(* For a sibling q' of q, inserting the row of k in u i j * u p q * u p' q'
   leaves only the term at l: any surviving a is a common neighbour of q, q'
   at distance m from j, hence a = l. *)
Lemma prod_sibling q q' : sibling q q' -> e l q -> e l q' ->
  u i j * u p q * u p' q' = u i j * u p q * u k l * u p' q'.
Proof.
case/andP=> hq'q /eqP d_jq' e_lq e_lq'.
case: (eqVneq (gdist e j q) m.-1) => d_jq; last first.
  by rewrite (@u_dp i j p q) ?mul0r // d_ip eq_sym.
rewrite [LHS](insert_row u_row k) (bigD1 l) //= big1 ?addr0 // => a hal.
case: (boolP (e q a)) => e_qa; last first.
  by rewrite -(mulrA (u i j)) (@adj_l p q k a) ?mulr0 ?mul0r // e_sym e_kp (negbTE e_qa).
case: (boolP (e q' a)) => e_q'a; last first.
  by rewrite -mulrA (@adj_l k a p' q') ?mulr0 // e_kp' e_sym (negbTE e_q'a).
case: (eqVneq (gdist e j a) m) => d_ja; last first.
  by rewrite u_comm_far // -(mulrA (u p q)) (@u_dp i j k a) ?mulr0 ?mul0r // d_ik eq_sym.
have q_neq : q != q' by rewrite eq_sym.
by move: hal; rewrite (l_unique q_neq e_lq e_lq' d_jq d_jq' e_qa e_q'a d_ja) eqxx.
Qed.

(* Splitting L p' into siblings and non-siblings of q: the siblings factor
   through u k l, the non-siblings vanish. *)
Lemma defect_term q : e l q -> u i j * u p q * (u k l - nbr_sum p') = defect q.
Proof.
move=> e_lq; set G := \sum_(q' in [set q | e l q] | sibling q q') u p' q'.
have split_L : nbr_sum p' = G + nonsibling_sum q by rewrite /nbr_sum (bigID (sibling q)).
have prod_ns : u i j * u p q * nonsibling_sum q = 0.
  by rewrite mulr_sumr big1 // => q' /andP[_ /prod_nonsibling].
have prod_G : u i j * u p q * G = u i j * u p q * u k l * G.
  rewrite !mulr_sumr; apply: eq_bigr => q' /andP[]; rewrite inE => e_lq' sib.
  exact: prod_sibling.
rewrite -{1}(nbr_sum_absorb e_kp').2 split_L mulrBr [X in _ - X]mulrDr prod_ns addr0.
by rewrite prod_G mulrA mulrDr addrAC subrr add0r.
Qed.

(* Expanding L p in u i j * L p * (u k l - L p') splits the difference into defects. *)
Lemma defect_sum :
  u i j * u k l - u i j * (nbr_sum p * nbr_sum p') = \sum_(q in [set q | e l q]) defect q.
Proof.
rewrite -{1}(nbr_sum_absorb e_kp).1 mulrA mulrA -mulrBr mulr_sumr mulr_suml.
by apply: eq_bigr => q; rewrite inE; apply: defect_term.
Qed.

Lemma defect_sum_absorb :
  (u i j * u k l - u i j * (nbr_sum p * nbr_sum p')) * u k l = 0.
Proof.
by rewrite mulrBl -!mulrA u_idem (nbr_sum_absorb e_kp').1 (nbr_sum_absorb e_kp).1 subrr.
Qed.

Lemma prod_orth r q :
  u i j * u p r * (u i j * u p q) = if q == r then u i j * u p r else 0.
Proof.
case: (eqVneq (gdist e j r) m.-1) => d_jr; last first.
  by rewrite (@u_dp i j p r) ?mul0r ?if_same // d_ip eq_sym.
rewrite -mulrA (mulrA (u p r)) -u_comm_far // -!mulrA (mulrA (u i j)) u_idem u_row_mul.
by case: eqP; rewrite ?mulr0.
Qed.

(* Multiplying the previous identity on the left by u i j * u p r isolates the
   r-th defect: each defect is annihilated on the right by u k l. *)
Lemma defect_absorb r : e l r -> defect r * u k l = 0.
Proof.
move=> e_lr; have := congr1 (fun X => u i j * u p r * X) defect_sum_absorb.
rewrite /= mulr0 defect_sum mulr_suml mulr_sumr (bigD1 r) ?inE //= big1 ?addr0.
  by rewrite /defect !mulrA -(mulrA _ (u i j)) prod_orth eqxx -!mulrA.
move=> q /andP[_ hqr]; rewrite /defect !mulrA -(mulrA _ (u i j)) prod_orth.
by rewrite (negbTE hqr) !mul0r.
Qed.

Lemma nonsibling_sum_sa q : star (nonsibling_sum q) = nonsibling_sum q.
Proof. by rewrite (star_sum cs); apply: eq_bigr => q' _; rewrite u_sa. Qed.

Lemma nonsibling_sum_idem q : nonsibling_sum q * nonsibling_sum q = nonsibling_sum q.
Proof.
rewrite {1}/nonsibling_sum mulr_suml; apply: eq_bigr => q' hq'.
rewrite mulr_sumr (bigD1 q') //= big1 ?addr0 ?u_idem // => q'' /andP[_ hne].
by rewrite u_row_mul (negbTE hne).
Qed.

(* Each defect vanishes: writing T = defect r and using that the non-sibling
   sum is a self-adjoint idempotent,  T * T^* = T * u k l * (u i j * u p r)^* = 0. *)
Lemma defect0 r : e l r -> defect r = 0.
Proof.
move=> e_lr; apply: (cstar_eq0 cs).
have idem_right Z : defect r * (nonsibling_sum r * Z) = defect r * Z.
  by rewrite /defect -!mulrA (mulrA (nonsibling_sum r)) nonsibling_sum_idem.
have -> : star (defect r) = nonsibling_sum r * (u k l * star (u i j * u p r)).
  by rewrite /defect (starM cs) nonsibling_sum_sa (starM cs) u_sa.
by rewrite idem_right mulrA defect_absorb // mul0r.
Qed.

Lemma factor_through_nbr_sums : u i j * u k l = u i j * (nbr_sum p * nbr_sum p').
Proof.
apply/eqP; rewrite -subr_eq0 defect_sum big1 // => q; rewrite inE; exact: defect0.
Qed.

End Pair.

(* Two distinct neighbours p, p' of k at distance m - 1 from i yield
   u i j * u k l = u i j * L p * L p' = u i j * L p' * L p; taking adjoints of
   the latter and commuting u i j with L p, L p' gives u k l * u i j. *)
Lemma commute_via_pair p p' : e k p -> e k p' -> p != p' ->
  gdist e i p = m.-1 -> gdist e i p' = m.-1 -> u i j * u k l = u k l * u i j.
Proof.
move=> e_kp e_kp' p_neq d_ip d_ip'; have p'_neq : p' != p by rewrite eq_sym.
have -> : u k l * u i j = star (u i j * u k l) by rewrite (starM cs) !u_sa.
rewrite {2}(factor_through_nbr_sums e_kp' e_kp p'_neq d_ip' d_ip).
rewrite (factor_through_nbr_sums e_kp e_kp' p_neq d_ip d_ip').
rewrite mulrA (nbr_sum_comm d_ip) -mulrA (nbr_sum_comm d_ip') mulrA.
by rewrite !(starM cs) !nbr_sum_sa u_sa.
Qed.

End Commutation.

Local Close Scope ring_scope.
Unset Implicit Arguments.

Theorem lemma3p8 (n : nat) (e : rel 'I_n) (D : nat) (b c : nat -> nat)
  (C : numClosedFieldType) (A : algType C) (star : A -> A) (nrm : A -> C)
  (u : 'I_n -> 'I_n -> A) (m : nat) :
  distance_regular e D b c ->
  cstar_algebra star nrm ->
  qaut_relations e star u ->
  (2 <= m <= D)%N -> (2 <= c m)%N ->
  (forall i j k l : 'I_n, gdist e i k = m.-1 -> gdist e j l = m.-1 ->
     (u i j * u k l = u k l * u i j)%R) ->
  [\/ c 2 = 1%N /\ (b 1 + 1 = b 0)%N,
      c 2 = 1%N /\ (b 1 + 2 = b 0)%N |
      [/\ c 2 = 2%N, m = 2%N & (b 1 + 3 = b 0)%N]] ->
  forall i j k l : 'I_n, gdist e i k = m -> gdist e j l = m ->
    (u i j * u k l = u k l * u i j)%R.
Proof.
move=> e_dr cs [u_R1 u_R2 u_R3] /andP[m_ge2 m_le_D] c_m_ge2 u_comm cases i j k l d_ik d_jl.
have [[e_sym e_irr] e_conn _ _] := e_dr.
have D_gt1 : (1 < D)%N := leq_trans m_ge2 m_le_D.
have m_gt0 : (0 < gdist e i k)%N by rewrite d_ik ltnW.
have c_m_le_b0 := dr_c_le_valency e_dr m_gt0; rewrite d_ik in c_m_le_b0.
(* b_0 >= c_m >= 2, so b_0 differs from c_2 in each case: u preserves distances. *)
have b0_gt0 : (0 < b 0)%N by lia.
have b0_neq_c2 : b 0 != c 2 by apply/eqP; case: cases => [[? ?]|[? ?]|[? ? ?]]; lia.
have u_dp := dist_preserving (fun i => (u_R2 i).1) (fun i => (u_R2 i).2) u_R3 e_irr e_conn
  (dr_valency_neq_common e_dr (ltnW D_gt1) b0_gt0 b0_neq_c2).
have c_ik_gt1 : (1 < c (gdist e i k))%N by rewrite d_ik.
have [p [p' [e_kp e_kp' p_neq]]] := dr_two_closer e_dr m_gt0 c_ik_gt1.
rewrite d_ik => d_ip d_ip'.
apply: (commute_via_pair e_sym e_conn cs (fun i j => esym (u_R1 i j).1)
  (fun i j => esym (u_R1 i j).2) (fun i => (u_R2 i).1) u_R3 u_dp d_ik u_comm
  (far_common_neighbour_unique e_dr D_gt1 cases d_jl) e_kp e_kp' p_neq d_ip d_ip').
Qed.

**What is being asked**
In the entries above, how many lines contain the string "ltnW"? Say only the number.

**Response**
2